- _WHAT YOU SHOULD DO_:
Please repeat exactly the lines below from the one containing "filterlim f (at_right a) (locally (f a))." down to the one containing "set (L := Rabs l + 1).", both included, and nothing else.

(INFORMATION SHOWN begins)

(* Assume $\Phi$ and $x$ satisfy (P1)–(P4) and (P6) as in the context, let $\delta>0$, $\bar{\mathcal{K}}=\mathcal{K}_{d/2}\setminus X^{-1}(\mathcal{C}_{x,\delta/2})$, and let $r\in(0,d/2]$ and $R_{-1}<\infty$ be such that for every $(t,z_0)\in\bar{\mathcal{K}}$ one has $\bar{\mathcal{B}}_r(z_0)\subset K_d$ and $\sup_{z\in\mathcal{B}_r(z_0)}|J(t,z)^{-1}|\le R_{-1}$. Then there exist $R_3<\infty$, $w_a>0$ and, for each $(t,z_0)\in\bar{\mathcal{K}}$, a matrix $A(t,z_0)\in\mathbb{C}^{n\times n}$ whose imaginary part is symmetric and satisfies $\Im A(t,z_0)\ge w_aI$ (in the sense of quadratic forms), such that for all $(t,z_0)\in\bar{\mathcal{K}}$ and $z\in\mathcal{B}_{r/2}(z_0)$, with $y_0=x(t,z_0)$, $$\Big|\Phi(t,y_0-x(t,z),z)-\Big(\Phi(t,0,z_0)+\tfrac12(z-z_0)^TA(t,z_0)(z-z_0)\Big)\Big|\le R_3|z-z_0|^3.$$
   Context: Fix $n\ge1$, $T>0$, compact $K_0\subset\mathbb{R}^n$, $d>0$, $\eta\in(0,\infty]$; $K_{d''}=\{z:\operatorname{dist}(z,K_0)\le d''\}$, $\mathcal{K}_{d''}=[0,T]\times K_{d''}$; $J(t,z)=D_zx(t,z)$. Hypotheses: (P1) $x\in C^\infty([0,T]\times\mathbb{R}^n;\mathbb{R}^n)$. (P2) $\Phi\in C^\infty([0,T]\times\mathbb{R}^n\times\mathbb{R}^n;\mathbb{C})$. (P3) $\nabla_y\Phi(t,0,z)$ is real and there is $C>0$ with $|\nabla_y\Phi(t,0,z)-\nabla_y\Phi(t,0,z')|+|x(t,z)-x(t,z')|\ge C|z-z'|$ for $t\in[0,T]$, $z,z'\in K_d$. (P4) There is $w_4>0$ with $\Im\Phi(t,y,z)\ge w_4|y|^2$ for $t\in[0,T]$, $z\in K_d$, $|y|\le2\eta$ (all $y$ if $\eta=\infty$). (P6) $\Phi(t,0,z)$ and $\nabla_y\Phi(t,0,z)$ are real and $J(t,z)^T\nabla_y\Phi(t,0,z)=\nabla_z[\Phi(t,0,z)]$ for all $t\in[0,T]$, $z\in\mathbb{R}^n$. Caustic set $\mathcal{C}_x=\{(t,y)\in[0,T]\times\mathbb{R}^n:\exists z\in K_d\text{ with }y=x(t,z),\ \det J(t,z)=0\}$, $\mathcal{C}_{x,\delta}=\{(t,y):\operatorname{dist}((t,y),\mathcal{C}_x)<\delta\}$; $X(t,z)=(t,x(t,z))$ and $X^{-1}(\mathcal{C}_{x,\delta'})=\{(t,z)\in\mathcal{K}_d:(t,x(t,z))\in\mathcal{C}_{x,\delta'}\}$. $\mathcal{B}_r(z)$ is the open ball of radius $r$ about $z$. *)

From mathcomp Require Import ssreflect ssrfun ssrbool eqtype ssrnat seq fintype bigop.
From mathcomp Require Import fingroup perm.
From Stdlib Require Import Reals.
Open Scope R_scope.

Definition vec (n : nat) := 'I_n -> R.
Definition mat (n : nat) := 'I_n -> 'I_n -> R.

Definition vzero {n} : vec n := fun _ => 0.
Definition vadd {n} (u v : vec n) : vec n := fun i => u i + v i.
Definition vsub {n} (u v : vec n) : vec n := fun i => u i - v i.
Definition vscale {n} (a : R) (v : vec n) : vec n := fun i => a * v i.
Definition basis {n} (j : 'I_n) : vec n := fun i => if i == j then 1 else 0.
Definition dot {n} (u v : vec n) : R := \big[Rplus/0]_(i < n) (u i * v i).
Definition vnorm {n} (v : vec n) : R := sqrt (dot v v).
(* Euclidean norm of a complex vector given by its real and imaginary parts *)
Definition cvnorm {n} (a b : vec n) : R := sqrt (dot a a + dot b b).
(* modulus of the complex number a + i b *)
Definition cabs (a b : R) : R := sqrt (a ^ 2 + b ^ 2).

(INFORMATION SHOWN ends)
(INFORMATION SHOWN begins)

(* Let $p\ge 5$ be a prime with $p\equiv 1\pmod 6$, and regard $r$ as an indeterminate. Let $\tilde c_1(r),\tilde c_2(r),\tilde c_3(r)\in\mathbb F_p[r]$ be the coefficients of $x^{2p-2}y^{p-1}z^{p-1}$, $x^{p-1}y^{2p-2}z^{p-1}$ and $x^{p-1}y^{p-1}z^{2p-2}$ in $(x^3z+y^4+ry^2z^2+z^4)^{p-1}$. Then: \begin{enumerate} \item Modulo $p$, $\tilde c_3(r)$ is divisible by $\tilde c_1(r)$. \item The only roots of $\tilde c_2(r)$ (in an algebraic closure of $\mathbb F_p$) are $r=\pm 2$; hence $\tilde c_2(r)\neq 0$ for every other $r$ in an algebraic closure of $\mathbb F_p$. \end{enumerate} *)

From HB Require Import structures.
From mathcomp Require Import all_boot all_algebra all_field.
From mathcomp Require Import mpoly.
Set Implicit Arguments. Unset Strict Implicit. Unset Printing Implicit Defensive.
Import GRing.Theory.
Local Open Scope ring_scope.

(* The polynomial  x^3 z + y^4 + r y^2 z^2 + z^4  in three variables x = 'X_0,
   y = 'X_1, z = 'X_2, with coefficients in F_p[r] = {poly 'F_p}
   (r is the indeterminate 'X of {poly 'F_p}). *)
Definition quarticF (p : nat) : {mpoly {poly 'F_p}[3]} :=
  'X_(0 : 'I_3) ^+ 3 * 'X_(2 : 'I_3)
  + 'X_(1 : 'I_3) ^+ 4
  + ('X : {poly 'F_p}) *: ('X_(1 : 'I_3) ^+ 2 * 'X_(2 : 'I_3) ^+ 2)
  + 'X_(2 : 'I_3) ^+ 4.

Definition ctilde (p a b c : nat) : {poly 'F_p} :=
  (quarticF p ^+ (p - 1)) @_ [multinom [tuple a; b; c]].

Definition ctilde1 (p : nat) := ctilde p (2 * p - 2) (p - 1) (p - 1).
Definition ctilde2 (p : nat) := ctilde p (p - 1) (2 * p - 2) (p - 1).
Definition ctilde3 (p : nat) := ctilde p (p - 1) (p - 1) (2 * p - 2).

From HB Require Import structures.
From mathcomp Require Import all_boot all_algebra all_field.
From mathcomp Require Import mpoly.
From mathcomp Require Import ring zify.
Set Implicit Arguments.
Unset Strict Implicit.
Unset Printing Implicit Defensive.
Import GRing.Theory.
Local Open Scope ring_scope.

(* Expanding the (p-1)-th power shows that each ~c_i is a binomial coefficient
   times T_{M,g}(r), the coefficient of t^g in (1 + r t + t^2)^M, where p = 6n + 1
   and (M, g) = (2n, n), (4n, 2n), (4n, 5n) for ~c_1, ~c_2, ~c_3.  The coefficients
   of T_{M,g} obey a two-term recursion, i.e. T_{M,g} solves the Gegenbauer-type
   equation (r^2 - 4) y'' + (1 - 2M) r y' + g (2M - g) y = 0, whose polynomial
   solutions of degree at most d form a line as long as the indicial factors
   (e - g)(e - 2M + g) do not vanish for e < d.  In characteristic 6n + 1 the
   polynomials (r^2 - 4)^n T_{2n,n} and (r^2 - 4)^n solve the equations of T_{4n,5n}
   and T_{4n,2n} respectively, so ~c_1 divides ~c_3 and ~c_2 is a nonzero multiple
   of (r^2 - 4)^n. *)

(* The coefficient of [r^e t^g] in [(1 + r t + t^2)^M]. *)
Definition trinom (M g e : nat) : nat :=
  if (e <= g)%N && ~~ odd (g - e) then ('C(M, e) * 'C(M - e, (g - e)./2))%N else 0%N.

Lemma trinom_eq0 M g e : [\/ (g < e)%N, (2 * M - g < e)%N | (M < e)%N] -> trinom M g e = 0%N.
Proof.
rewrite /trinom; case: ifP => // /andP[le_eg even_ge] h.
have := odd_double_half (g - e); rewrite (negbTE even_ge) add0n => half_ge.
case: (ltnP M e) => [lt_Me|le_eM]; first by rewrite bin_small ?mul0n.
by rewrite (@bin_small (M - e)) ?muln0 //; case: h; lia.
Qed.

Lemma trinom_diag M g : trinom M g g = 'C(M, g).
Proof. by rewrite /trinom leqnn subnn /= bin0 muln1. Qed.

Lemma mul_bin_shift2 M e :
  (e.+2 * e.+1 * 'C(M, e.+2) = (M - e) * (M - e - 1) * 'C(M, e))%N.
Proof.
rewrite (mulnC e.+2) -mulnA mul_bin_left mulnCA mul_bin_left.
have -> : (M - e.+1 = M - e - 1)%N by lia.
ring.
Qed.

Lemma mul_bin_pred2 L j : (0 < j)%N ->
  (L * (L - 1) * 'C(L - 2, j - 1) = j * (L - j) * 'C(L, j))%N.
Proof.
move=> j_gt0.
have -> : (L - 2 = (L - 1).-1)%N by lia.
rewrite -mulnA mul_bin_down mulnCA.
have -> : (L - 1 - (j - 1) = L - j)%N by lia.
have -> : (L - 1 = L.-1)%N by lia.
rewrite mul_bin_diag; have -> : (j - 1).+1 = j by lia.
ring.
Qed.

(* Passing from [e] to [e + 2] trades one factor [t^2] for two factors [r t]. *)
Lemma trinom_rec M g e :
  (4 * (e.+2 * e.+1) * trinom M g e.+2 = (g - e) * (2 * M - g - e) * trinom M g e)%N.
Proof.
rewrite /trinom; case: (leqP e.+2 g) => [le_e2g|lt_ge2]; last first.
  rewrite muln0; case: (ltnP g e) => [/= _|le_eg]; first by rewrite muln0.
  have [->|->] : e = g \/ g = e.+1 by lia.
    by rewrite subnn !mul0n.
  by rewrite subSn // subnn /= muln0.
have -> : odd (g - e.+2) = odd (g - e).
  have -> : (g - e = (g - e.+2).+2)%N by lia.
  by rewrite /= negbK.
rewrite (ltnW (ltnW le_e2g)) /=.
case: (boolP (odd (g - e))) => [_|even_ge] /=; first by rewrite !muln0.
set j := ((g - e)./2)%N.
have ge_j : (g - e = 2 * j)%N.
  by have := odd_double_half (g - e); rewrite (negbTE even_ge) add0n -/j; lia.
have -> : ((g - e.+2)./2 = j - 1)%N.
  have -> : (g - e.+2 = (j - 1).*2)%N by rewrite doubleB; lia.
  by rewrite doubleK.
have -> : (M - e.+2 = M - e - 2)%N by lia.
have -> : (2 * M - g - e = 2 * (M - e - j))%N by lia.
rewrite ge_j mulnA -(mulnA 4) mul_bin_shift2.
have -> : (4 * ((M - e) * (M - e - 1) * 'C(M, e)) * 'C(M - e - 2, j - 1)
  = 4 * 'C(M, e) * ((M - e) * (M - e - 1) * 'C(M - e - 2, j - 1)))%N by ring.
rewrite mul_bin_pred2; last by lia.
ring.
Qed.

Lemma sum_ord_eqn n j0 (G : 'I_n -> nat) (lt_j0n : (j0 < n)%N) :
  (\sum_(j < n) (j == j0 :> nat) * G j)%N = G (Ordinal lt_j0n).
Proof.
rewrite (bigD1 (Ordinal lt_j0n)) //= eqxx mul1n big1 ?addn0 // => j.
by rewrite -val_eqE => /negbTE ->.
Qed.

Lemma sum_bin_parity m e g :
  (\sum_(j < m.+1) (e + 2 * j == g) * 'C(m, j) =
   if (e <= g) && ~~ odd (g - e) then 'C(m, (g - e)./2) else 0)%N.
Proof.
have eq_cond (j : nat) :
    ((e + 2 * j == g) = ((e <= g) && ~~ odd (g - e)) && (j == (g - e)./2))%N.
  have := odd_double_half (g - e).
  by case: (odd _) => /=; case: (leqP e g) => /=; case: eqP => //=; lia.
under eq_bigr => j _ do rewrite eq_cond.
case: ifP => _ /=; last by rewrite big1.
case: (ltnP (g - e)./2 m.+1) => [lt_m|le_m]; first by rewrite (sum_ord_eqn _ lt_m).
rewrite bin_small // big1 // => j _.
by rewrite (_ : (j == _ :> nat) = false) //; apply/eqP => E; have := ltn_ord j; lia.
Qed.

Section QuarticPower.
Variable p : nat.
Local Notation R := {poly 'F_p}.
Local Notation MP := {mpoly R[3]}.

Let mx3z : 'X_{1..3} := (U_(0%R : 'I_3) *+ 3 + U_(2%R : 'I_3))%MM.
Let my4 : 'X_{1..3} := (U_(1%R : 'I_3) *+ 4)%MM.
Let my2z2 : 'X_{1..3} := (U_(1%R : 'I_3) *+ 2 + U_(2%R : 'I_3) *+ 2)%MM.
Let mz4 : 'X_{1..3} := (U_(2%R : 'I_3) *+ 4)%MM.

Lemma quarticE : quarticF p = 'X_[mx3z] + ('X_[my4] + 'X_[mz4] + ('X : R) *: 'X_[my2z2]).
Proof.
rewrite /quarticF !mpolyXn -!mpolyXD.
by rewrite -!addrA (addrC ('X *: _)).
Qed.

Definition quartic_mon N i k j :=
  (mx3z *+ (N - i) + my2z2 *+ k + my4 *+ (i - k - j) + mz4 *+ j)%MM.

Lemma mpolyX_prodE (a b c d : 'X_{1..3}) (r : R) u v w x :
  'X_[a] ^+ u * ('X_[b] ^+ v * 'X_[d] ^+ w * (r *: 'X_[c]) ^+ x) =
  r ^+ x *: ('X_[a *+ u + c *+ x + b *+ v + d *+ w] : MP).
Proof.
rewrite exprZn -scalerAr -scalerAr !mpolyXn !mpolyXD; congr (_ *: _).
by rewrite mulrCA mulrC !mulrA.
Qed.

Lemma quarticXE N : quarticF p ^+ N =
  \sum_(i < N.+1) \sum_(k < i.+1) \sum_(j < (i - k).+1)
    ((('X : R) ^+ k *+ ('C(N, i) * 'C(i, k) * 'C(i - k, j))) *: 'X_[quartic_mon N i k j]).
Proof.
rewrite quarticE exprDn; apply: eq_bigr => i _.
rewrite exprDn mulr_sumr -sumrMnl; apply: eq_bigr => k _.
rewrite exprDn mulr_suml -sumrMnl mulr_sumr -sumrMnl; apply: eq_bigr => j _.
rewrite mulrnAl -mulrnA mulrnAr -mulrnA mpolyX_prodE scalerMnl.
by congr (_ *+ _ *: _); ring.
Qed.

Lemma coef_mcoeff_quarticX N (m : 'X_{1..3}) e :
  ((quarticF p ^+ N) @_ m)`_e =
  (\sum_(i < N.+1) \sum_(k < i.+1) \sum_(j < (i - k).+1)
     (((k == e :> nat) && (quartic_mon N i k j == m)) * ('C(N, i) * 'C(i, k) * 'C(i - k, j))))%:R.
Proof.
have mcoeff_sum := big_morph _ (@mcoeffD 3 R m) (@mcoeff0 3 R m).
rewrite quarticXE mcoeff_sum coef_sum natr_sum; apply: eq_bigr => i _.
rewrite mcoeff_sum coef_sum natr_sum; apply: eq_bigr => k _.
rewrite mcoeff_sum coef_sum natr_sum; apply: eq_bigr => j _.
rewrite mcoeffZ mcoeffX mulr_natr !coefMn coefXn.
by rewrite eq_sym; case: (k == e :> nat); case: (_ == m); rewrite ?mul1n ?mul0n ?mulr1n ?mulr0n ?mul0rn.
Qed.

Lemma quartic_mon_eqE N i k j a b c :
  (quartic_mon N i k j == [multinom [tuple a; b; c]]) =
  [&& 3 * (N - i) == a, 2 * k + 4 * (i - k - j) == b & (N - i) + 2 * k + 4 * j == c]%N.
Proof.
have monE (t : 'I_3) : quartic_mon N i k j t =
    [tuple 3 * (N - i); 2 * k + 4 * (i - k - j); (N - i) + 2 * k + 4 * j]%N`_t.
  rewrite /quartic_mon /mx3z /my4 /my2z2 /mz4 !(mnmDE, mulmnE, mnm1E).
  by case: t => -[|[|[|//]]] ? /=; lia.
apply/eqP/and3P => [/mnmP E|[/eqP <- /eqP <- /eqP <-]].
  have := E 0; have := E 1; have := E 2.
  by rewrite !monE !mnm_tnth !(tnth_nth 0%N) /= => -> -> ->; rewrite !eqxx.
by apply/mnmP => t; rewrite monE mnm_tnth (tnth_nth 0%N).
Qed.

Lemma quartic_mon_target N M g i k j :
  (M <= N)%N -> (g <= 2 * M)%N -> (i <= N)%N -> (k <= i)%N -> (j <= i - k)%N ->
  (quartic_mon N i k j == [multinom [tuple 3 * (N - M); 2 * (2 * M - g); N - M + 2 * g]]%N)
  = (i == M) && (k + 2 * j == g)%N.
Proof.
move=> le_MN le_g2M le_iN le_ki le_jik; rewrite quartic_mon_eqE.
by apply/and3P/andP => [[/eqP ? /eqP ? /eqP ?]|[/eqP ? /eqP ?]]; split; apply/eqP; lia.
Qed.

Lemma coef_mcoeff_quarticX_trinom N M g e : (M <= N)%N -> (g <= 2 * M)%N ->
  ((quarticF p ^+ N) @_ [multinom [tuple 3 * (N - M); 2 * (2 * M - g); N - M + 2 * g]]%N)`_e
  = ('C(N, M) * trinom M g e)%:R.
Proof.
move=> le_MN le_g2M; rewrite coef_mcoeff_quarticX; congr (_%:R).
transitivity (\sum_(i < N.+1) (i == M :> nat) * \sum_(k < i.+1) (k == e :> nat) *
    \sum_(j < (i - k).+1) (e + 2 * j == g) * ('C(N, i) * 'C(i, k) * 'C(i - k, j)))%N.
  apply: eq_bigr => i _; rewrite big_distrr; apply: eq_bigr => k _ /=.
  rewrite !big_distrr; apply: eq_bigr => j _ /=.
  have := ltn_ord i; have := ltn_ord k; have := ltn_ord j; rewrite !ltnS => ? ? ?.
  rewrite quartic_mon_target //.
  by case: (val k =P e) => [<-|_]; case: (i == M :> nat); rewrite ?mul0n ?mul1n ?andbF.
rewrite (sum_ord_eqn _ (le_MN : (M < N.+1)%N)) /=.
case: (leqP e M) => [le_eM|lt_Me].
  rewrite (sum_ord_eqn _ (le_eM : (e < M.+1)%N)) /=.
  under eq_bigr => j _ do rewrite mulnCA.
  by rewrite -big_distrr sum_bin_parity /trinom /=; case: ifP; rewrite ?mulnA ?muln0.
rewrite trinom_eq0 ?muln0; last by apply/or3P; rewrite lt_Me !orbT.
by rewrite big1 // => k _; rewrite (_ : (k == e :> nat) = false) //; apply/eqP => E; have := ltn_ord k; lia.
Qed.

(INFORMATION SHOWN ends)
(INFORMATION SHOWN begins)

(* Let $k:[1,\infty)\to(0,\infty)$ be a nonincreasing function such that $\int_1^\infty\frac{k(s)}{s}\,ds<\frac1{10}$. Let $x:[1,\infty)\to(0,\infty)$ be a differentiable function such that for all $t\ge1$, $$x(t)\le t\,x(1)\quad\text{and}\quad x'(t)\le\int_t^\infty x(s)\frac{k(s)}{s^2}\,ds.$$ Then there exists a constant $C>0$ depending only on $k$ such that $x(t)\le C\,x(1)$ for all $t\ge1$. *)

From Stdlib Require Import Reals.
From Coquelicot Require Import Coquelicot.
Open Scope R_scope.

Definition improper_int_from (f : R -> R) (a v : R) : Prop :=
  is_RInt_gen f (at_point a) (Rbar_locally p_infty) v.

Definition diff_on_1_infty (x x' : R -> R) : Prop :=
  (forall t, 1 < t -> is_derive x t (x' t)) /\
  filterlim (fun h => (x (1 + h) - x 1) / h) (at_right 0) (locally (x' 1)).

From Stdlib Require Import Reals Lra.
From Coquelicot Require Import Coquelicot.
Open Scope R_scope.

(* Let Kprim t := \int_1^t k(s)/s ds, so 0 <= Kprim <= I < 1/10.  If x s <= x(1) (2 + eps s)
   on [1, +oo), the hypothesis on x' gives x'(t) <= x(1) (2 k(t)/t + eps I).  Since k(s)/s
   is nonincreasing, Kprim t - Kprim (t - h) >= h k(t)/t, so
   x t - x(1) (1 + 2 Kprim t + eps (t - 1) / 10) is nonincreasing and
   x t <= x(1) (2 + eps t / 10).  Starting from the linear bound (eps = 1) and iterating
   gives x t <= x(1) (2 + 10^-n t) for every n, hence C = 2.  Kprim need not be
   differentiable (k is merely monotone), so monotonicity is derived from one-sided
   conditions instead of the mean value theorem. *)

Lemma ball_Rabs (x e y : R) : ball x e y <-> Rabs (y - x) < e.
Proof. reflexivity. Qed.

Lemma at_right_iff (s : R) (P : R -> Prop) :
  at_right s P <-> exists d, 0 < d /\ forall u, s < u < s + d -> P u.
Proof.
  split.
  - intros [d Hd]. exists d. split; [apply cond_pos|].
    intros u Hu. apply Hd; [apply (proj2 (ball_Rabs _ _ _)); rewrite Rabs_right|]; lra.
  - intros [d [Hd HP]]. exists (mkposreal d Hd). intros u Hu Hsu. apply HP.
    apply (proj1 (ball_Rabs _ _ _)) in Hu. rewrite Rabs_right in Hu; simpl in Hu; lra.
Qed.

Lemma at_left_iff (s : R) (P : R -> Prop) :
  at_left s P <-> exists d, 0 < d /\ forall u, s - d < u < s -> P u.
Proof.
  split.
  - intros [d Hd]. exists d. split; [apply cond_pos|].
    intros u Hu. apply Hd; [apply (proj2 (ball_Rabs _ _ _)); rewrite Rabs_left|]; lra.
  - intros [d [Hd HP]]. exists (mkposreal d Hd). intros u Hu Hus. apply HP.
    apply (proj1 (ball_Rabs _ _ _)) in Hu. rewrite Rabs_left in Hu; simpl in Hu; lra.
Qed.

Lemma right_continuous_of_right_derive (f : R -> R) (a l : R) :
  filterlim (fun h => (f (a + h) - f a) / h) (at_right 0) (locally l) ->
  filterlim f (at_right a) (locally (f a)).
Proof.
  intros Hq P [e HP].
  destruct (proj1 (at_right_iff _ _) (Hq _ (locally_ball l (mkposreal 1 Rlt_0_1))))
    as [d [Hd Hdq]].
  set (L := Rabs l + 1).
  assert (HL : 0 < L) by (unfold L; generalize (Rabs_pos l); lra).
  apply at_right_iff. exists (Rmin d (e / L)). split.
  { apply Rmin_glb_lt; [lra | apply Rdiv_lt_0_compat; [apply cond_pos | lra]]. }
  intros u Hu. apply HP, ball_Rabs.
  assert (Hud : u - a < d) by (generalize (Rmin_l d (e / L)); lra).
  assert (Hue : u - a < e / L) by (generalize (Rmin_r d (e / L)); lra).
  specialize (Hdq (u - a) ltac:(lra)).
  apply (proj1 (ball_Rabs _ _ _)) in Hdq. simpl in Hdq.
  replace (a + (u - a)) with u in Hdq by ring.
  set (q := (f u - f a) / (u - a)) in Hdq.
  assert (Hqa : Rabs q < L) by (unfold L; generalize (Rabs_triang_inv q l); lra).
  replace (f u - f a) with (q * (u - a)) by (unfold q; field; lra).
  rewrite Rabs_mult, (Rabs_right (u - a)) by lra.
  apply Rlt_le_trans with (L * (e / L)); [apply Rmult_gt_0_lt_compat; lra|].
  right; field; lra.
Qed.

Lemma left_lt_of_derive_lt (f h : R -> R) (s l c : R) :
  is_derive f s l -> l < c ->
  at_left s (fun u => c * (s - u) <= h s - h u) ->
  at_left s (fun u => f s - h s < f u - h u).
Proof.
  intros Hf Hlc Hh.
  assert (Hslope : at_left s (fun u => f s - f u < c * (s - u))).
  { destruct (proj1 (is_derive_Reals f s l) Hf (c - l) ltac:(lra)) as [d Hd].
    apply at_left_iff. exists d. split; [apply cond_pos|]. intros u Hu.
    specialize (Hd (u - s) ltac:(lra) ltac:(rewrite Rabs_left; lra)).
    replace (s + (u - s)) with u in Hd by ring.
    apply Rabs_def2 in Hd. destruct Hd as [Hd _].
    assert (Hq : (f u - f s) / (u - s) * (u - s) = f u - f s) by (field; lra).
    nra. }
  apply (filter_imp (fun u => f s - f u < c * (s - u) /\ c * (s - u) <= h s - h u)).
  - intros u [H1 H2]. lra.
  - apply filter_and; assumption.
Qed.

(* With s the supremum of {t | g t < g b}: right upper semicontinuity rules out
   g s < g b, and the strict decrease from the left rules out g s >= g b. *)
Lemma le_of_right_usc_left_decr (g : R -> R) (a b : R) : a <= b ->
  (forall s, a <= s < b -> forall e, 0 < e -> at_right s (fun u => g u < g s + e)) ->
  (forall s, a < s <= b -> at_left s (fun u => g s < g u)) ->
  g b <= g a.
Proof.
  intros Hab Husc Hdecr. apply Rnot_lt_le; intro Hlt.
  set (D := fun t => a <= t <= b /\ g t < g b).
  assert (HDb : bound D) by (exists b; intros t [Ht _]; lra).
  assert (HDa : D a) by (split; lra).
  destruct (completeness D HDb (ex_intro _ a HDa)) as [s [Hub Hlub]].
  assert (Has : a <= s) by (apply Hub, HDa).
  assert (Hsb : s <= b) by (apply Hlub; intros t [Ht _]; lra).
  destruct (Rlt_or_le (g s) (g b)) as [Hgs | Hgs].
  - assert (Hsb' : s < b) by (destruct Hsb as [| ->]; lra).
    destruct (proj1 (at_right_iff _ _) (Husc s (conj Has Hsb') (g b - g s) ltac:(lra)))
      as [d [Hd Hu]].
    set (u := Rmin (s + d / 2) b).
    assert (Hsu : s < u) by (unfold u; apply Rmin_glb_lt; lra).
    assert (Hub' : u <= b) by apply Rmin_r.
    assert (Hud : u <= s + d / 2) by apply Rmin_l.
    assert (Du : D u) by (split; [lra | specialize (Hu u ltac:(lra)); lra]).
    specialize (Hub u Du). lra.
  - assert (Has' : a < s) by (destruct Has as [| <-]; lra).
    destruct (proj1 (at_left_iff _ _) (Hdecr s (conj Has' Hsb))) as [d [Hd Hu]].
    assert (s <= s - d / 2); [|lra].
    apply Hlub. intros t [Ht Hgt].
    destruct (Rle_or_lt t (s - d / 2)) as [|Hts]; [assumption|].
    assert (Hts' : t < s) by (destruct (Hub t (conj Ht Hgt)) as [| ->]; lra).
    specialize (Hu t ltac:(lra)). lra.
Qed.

(INFORMATION SHOWN ends)

- _FINAL ANSWER_:
  filterlim f (at_right a) (locally (f a)).
Proof.
  intros Hq P [e HP].
  destruct (proj1 (at_right_iff _ _) (Hq _ (locally_ball l (mkposreal 1 Rlt_0_1))))
    as [d [Hd Hdq]].
  set (L := Rabs l + 1).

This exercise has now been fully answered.